The temperature of the refrigerant in the evaporator coil can really help us with diagnostics, but we need to know the targets we’re aiming for if we want to get the most out of it as a troubleshooting tool. If we take the return air temperature and subtract 35 degrees from that number, we get the design temperature difference (DTD).

A typical system would look like this: 

75°F return air – 35°F design temperature difference = 40°F evaporator coil temperature

But where did this equation come from, and what is it for? It turns out this equation is not some arbitrary number that just “happens to work;” it’s an actual engineering design with a well-thought-out purpose.

Design Temperature Difference (DTD)

Bryan wrote more in-depth about design temperature differences in this article. He says:

“In air conditioning applications, a 35°F DTD is a good guideline for systems that run 400 CFM (679.6 m3/h) of air per ton of cooling (12,000 BTU/hr). In refrigeration, the DTD is much lower than in air conditioning.

There are several reasons for this, but one big reason is the desire to maintain relatively high relative humidity levels in refrigeration to keep from drying out and damaging the product. Keep in mind that NOTHING is a substitute for manufacturer's data, but there are some good DTD guidelines for traditional/older refrigeration equipment below. Keep in mind that the trend is toward lower evaporator TD on newer equipment.

Walk-ins  10°F DTD +/- 3°F
Reach-ins  20°F DTD +/- 5°F
A/C 35°F DTD +/- 5°F

You then subtract the DTD from your box temperature/return temperature to calculate your target suction saturation. You can then use this target saturation/DTD and compare it to your actual measured saturation and DTD once the box is within 5°F–10°F (2.75K–5.5K) of its target temperature to help you set your charge, TXV, and EPR, as well as diagnose potential airflow issues when compared with suction superheat and subcooling/clear sight glass.”

The DTD in air conditioning is purpose-built to dehumidify. In other applications, this is not needed or even desired. 

Troubleshooting with DTD

You can use this information about what the coil temperature should be to troubleshoot a couple of different things. 

Low Airflow

If your evaporator coil temperature is really cold compared to the return air temperature (and you have low superheat), you can immediately flag that as a problem. For example, I recently changed the blower motor on a furnace. The motor was reversible (meaning it could spin clockwise or counterclockwise), and it seemed like it was spinning the right way. Air was blowing out of the supply vents. The house was about 85°F, and when I went out to check the refrigerant pressures, I had a 33°F evaporator coil temperature with 1 degree of superheat. 85 RA – 35 DTD = 50°F evaporator coil temperature. So, I immediately knew I had a problem. I switched the leads on the motor—problem solved. Here’s a great article on low airflow if you want to dive deeper.

Return Duct Leakage

If your evaporator coil temperature is really warm and the return air temperature measured in the conditioned space is normal, you can also immediately flag a problem.
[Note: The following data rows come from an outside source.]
(* Let $\mathcal{T}$ be a tangle of order $k$ in a connectivity system $(E,\lambda)$, and let $X$ be a $\mathcal{T}$-strong $k$-separating set in $\lambda$. If $X_1$ and $X_2$ are fully closed $k$-separating sets that contain $X$, then there is a fully closed $k$-separating set $Y$ such that $X\subseteq Y\subseteq X_1\cap X_2$.
   Context: A connectivity system is a pair $(E,\lambda)$ with $E$ finite and $\lambda$ an integer-valued symmetric ($\lambda(X)=\lambda(E-X)$) submodular ($\lambda(X)+\lambda(Y)\ge\lambda(X\cup Y)+\lambda(X\cap Y)$) function on subsets of $E$. $X$ is $k$-separating if $\lambda(X)\le k$. A tangle of order $k$ is a collection $\mathcal T$ of subsets of $E$ with (T1) $\lambda(A)<k$ for $A\in\mathcal T$; (T2) if $\lambda(A)\le k-1$ then $A\in\mathcal T$ or $E-A\in\mathcal T$; (T3) $A\cup B\cup C\ne E$ for $A,B,C\in\mathcal T$; (T4) $E-\{e\}\notin\mathcal T$ for $e\in E$. A set is $\mathcal T$-weak if contained in a member of $\mathcal T$, and $\mathcal T$-strong otherwise. A $\mathcal T$-strong $k$-separating set $X$ is fully closed (with respect to $\mathcal T$) if $X\cup Y$ is not $k$-separating for every nonempty $\mathcal T$-weak set $Y\subseteq E-X$. *)

From mathcomp Require Import all_boot all_order all_algebra.
Set Implicit Arguments. Unset Strict Implicit. Unset Printing Implicit Defensive.
Import Order.TTheory GRing.Theory Num.Theory.
Local Open Scope ring_scope.

Definition connectivity_system (E : finType) (lam : {set E} -> int) : Prop :=
  (forall X : {set E}, lam X = lam (~: X)) /\
  (forall X Y : {set E}, lam (X :|: Y) + lam (X :&: Y) <= lam X + lam Y).

Definition k_separating (E : finType) (lam : {set E} -> int) (k : int)
  (X : {set E}) : Prop := lam X <= k.

Definition tangle (E : finType) (lam : {set E} -> int) (k : int)
  (T : {set {set E}}) : Prop :=
  (forall A, A \in T -> lam A < k) /\
  (forall A, lam A <= k - 1 -> A \in T \/ ~: A \in T) /\
  (forall A B C, A \in T -> B \in T -> C \in T -> A :|: B :|: C != setT) /\
  (forall e : E, ~: [set e] \notin T).

Definition T_weak (E : finType) (T : {set {set E}}) (X : {set E}) : Prop :=
  exists2 A, A \in T & X \subset A.

Definition T_strong (E : finType) (T : {set {set E}}) (X : {set E}) : Prop :=
  ~ T_weak T X.

Definition fully_closed (E : finType) (lam : {set E} -> int) (k : int)
  (T : {set {set E}}) (X : {set E}) : Prop :=
  T_strong T X /\ k_separating lam k X /\
  (forall Y : {set E}, Y != set0 -> T_weak T Y -> Y \subset ~: X ->
     ~ k_separating lam k (X :|: Y)).

From mathcomp Require Import all_boot all_order all_algebra.
From mathcomp Require Import zify.
Import Order.TTheory.
Set Implicit Arguments. Unset Strict Implicit.
Local Open Scope ring_scope.

(* Take Y maximal among the k-separating sets between X and X1 :&: X2; it is
   T-strong because it contains X.  If a nonempty T-weak Z disjoint from Y had
   lam (Y :|: Z) <= k, maximality forces Z to leave some X_i.  Then full
   closure of X_i gives lam (X_i :|: Y :|: Z) > k, so by submodularity the
   T-strong set (Y :|: Z) :&: X_i has connectivity < k; by the tangle axiom its
   complement lies in T, making ~: X_i T-weak, and X_i :|: ~: X_i = E is
   k-separating, against the full closure of X_i. *)

Section FullyClosed.

Variables (E : finType) (lam : {set E} -> int) (k : int) (T : {set {set E}}).
Hypothesis lam_conn : connectivity_system lam.
Hypothesis T_tangle : tangle lam k T.

Lemma lam_setT_le (A : {set E}) : lam setT <= lam A.
Proof.
case: lam_conn => lam_sym lam_sub; have := lam_sub A (~: A).
rewrite setUCr setICr -(lam_sym A) (lam_sym set0) setC0; lia.
Qed.

Lemma T_weakS (Z W : {set E}) : Z \subset W -> T_weak T W -> T_weak T Z.
Proof. by move=> sZW [A AT sWA]; exists A; last exact: subset_trans sWA. Qed.

Lemma T_strongS (Z W : {set E}) : Z \subset W -> T_strong T Z -> T_strong T W.
Proof. by move=> sZW strongZ /(T_weakS sZW). Qed.

Lemma fully_closed_setC_strong (X : {set E}) :
  fully_closed lam k T X -> ~: X != set0 -> T_strong T (~: X).
Proof.
case=> _ [sepX closedX] nzCX weakCX.
apply: (closedX _ nzCX weakCX (subxx _)).
have := lam_setT_le X.
by rewrite /k_separating setUCr in sepX *; lia.
Qed.

Lemma tangle_setC_mem (S : {set E}) :
  T_strong T S -> lam S <= k - 1 -> ~: S \in T.
Proof.
case: T_tangle => _ [T_compl _] strongS /T_compl[ST|] //.
by case: strongS; exists S.
Qed.

Lemma fully_closed_sub_strong_ge (X S : {set E}) :
  fully_closed lam k T X -> ~: X != set0 ->
  S \subset X -> T_strong T S -> k <= lam S.
Proof.
move=> closedX nzCX sSX strongS; rewrite leNgt; apply/negP => ltSk.
apply: (fully_closed_setC_strong closedX nzCX _).
exists (~: S); last by rewrite setCS.
by apply: tangle_setC_mem => //; lia.
Qed.

Lemma fully_closed_absorbs_weak (X Y Z : {set E}) :
  fully_closed lam k T X -> Y \subset X -> T_strong T Y ->
  T_weak T Z -> k_separating lam k (Y :|: Z) -> Z \subset X.
Proof.
move=> closedX sYX strongY weakZ sepYZ; apply: contraT => nsZX.
have nzZo : Z :\: X != set0 by rewrite setD_eq0.
have sZoCX : Z :\: X \subset ~: X by rewrite setDE subsetIr.
have nzCX : ~: X != set0 by apply: contraNneq nzZo => CX0; rewrite -subset0 -CX0.
have [_ [sepX closedX']] := closedX.
have /negP := closedX' _ nzZo (T_weakS (subsetDl Z X) weakZ) sZoCX.
have -> : X :|: Z :\: X = (Y :|: Z) :|: X.
  by rewrite setDE setUIr setUCr setIT setUAC (setUidPr sYX).
have ge_k : k <= lam ((Y :|: Z) :&: X).
  apply: fully_closed_sub_strong_ge closedX nzCX (subsetIr _ _) _.
  by apply: T_strongS strongY; rewrite subsetI subsetUl.
have := proj2 lam_conn (Y :|: Z) X.
rewrite /k_separating in sepX sepYZ *; lia.
Qed.

Definition k_sep_between (A B : {set E}) : pred {set E} :=
  [pred W : {set E} | [&& A \subset W, W \subset B & lam W <= k]].

Lemma fully_closed_maxset (X X1 X2 Y : {set E}) :
  fully_closed lam k T X1 -> fully_closed lam k T X2 -> T_strong T X ->
  maxset (k_sep_between X (X1 :&: X2)) Y ->
  fully_closed lam k T Y.
Proof.
move=> closedX1 closedX2 strongX maxY.
have /and3P[sXY sYX12 sepY] := maxsetp maxY.
have strongY : T_strong T Y := T_strongS sXY strongX.
have /andP[sYX1 sYX2] : (Y \subset X1) && (Y \subset X2) by rewrite -subsetI.
split=> //; split=> // Z nzZ weakZ sZCY sepYZ.
have sZX1 := fully_closed_absorbs_weak closedX1 sYX1 strongY weakZ sepYZ.
have sZX2 := fully_closed_absorbs_weak closedX2 sYX2 strongY weakZ sepYZ.
have eqYZ : Y :|: Z = Y.
  apply: maxsetsup maxY _ (subsetUl _ _).
  rewrite /k_sep_between inE (subset_trans sXY (subsetUl _ _)).
  by rewrite subUset sYX12 subsetI sZX1 sZX2.
have sZY : Z \subset Y by rewrite -eqYZ subsetUr.
by move: nzZ; rewrite -subset0 -(setICr Y) subsetI sZY sZCY.
Qed.

End FullyClosed.

Theorem lemma3p1 (E : finType) (lam : {set E} -> int) (k : int)
  (T : {set {set E}}) (X X1 X2 : {set E}) :
  connectivity_system lam ->
  tangle lam k T ->
  T_strong T X -> k_separating lam k X ->
  fully_closed lam k T X1 -> X \subset X1 ->
  fully_closed lam k T X2 -> X \subset X2 ->
  exists Y : {set E}, [/\ fully_closed lam k T Y, X \subset Y & Y \subset X1 :&: X2].
Proof.
move=> lam_conn T_tangle strongX sepX closedX1 sXX1 closedX2 sXX2.
have PX : k_sep_between lam k X (X1 :&: X2) X.
  by rewrite /k_sep_between inE subxx subsetI sXX1 sXX2; exact: sepX.
have [Y maxY sXY] := maxset_exists PX.
exists Y; split=> //; last by case/and3P: (maxsetp maxY).
exact: fully_closed_maxset closedX1 closedX2 strongX maxY.
Qed.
For example, I was recently at a friend’s house and had a 65°F evaporator coil temperature. The house was 85°F inside. So, my evaporator coil temperature should have been:

85°F RA – 35°F DTD = 50°F Evaporator Temperature

After some head-scratching, I finally found a large return duct pulling in a TON of hot attic air! What was my return air temperature? Probably around 100 degrees! No wonder it was warm in the house!

Final Thoughts

The nice thing about using DTD to troubleshoot is that you get to stand at the condenser and think about what could be wrong before you go crawling around in a hot attic looking for duct leakage or pulling panels off of evaporator coils looking for airflow restrictions. It can send up some warning signals and send you in the right direction with your troubleshooting.